What is being asked = When you reach the line containing "#|B|%:R - #|I|%:R * (eps" in the entries below, begin reproducing lines exactly, and stop once the line containing "forall i, a" is done.

Dataset entries =
☆ ☆ ☆ ☆ ☆

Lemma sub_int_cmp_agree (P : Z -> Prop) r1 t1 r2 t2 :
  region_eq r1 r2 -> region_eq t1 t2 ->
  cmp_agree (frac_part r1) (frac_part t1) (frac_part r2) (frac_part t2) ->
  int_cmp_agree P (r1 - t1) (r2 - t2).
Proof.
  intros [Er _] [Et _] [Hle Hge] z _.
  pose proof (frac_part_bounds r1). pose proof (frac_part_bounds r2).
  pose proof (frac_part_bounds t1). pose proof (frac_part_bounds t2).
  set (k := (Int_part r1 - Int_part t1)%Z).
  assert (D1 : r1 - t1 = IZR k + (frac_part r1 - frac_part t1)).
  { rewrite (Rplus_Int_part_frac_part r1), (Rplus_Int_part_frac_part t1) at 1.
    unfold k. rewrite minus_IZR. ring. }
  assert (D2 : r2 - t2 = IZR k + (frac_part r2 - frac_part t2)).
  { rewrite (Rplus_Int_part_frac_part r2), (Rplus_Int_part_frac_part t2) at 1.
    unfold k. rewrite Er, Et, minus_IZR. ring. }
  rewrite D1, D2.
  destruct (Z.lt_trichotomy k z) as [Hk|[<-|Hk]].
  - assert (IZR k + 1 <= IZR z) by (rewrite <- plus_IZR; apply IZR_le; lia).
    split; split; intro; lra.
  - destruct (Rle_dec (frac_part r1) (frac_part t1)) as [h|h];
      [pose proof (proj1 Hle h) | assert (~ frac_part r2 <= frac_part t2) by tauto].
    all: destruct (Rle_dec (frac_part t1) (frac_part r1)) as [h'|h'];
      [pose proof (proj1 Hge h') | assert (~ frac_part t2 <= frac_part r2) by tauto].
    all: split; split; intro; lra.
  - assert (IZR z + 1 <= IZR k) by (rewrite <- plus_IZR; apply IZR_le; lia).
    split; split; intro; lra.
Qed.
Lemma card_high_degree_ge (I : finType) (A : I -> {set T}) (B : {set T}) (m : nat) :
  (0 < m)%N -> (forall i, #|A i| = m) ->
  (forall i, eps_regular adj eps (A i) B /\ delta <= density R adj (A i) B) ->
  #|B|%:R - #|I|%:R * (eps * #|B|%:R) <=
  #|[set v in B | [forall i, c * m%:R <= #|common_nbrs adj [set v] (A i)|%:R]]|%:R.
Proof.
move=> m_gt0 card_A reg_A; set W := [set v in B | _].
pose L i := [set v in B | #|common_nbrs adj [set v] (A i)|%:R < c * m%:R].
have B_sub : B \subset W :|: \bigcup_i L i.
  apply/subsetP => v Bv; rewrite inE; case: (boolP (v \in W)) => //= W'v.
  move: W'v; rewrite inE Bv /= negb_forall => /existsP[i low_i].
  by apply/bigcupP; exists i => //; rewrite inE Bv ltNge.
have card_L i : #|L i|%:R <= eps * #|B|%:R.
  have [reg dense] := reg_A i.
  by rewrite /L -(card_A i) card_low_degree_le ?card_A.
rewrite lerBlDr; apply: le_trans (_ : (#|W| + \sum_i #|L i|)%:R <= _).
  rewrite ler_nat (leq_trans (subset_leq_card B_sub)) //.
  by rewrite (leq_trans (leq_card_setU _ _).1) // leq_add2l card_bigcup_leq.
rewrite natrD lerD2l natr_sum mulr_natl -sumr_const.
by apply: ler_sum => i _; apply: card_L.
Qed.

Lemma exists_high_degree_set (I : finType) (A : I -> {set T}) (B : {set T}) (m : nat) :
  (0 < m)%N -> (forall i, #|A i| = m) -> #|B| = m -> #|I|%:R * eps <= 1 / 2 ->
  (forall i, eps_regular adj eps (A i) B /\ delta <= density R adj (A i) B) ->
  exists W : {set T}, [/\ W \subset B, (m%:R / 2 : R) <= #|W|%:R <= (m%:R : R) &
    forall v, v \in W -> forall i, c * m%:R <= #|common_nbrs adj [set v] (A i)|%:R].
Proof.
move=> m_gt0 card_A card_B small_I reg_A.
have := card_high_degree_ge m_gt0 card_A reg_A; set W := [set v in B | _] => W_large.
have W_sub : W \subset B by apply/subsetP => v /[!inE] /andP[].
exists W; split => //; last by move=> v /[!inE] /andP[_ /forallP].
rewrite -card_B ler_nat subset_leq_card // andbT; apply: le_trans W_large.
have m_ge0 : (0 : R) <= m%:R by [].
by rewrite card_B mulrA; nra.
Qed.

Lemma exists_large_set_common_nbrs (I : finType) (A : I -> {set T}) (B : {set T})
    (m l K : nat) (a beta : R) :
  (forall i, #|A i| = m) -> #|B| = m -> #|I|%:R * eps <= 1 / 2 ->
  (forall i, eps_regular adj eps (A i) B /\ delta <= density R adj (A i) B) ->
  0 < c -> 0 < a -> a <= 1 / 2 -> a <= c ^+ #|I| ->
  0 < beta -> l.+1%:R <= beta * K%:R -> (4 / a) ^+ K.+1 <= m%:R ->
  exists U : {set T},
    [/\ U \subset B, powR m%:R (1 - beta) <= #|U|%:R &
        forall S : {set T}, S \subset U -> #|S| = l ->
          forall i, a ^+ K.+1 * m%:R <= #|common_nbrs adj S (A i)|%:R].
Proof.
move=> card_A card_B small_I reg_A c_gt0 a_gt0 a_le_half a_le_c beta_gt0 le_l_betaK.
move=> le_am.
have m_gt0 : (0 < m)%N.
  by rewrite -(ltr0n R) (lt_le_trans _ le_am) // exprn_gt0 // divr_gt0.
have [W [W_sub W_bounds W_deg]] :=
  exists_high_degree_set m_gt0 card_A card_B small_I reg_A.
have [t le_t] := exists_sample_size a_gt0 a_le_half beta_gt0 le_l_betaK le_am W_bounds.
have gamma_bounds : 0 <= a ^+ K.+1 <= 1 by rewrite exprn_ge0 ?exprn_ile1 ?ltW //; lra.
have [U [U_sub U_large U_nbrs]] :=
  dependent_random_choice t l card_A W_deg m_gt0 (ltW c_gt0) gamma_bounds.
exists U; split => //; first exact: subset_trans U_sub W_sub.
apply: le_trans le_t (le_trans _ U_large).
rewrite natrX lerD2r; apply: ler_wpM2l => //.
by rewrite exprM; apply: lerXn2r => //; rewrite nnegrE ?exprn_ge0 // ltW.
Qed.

☆ ☆ ☆ ☆ ☆

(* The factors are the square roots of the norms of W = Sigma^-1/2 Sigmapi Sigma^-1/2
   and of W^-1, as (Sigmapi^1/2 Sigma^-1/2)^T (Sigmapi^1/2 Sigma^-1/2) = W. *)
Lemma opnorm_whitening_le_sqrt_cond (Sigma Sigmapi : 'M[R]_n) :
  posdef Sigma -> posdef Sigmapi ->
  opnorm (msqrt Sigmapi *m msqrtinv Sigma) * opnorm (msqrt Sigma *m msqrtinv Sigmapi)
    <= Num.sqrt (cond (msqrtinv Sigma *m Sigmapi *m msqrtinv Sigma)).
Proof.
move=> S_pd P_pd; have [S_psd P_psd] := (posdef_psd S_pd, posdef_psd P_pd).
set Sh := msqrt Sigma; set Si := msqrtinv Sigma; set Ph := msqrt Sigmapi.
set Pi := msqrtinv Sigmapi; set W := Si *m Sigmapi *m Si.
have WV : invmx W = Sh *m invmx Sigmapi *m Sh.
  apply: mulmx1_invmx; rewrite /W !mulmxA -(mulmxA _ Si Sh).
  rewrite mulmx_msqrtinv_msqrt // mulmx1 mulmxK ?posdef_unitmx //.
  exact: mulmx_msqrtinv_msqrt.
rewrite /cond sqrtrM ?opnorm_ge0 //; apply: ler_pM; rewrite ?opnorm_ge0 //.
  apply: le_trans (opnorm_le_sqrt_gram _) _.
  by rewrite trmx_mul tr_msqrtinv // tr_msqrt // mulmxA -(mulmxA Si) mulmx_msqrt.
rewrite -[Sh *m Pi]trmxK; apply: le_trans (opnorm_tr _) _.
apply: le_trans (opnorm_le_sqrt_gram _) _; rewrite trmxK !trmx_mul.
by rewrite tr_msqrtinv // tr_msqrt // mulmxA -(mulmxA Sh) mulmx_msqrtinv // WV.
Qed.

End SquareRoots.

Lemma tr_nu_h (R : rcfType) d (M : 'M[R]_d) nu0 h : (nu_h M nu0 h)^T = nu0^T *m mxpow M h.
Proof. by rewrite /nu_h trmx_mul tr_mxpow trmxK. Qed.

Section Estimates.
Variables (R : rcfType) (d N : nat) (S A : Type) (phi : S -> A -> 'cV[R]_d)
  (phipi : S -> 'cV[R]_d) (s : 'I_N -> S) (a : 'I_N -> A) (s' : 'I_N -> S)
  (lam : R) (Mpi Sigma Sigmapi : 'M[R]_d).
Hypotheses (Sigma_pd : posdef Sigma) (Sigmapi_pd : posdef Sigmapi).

☆ ☆ ☆ ☆ ☆

Solution for this problem =
  #|B|%:R - #|I|%:R * (eps * #|B|%:R) <=
  #|[set v in B | [forall i, c * m%:R <= #|common_nbrs adj [set v] (A i)|%:R]]|%:R.
Proof.
move=> m_gt0 card_A reg_A; set W := [set v in B | _].
pose L i := [set v in B | #|common_nbrs adj [set v] (A i)|%:R < c * m%:R].
have B_sub : B \subset W :|: \bigcup_i L i.
  apply/subsetP => v Bv; rewrite inE; case: (boolP (v \in W)) => //= W'v.
  move: W'v; rewrite inE Bv /= negb_forall => /existsP[i low_i].
  by apply/bigcupP; exists i => //; rewrite inE Bv ltNge.
have card_L i : #|L i|%:R <= eps * #|B|%:R.
  have [reg dense] := reg_A i.
  by rewrite /L -(card_A i) card_low_degree_le ?card_A.
rewrite lerBlDr; apply: le_trans (_ : (#|W| + \sum_i #|L i|)%:R <= _).
  rewrite ler_nat (leq_trans (subset_leq_card B_sub)) //.
  by rewrite (leq_trans (leq_card_setU _ _).1) // leq_add2l card_bigcup_leq.
rewrite natrD lerD2l natr_sum mulr_natl -sumr_const.
by apply: ler_sum => i _; apply: card_L.
Qed.

Lemma exists_high_degree_set (I : finType) (A : I -> {set T}) (B : {set T}) (m : nat) :
  (0 < m)%N -> (forall i, #|A i| = m) -> #|B| = m -> #|I|%:R * eps <= 1 / 2 ->
  (forall i, eps_regular adj eps (A i) B /\ delta <= density R adj (A i) B) ->
  exists W : {set T}, [/\ W \subset B, (m%:R / 2 : R) <= #|W|%:R <= (m%:R : R) &
    forall v, v \in W -> forall i, c * m%:R <= #|common_nbrs adj [set v] (A i)|%:R].
Proof.
move=> m_gt0 card_A card_B small_I reg_A.
have := card_high_degree_ge m_gt0 card_A reg_A; set W := [set v in B | _] => W_large.
have W_sub : W \subset B by apply/subsetP => v /[!inE] /andP[].
exists W; split => //; last by move=> v /[!inE] /andP[_ /forallP].
rewrite -card_B ler_nat subset_leq_card // andbT; apply: le_trans W_large.
have m_ge0 : (0 : R) <= m%:R by [].
by rewrite card_B mulrA; nra.
Qed.

Lemma exists_large_set_common_nbrs (I : finType) (A : I -> {set T}) (B : {set T})
    (m l K : nat) (a beta : R) :
  (forall i, #|A i| = m) -> #|B| = m -> #|I|%:R * eps <= 1 / 2 ->
  (forall i, eps_regular adj eps (A i) B /\ delta <= density R adj (A i) B) ->
  0 < c -> 0 < a -> a <= 1 / 2 -> a <= c ^+ #|I| ->
  0 < beta -> l.+1%:R <= beta * K%:R -> (4 / a) ^+ K.+1 <= m%:R ->
  exists U : {set T},
    [/\ U \subset B, powR m%:R (1 - beta) <= #|U|%:R &
        forall S : {set T}, S \subset U -> #|S| = l ->
          forall i, a ^+ K.+1 * m%:R <= #|common_nbrs adj S (A i)|%:R].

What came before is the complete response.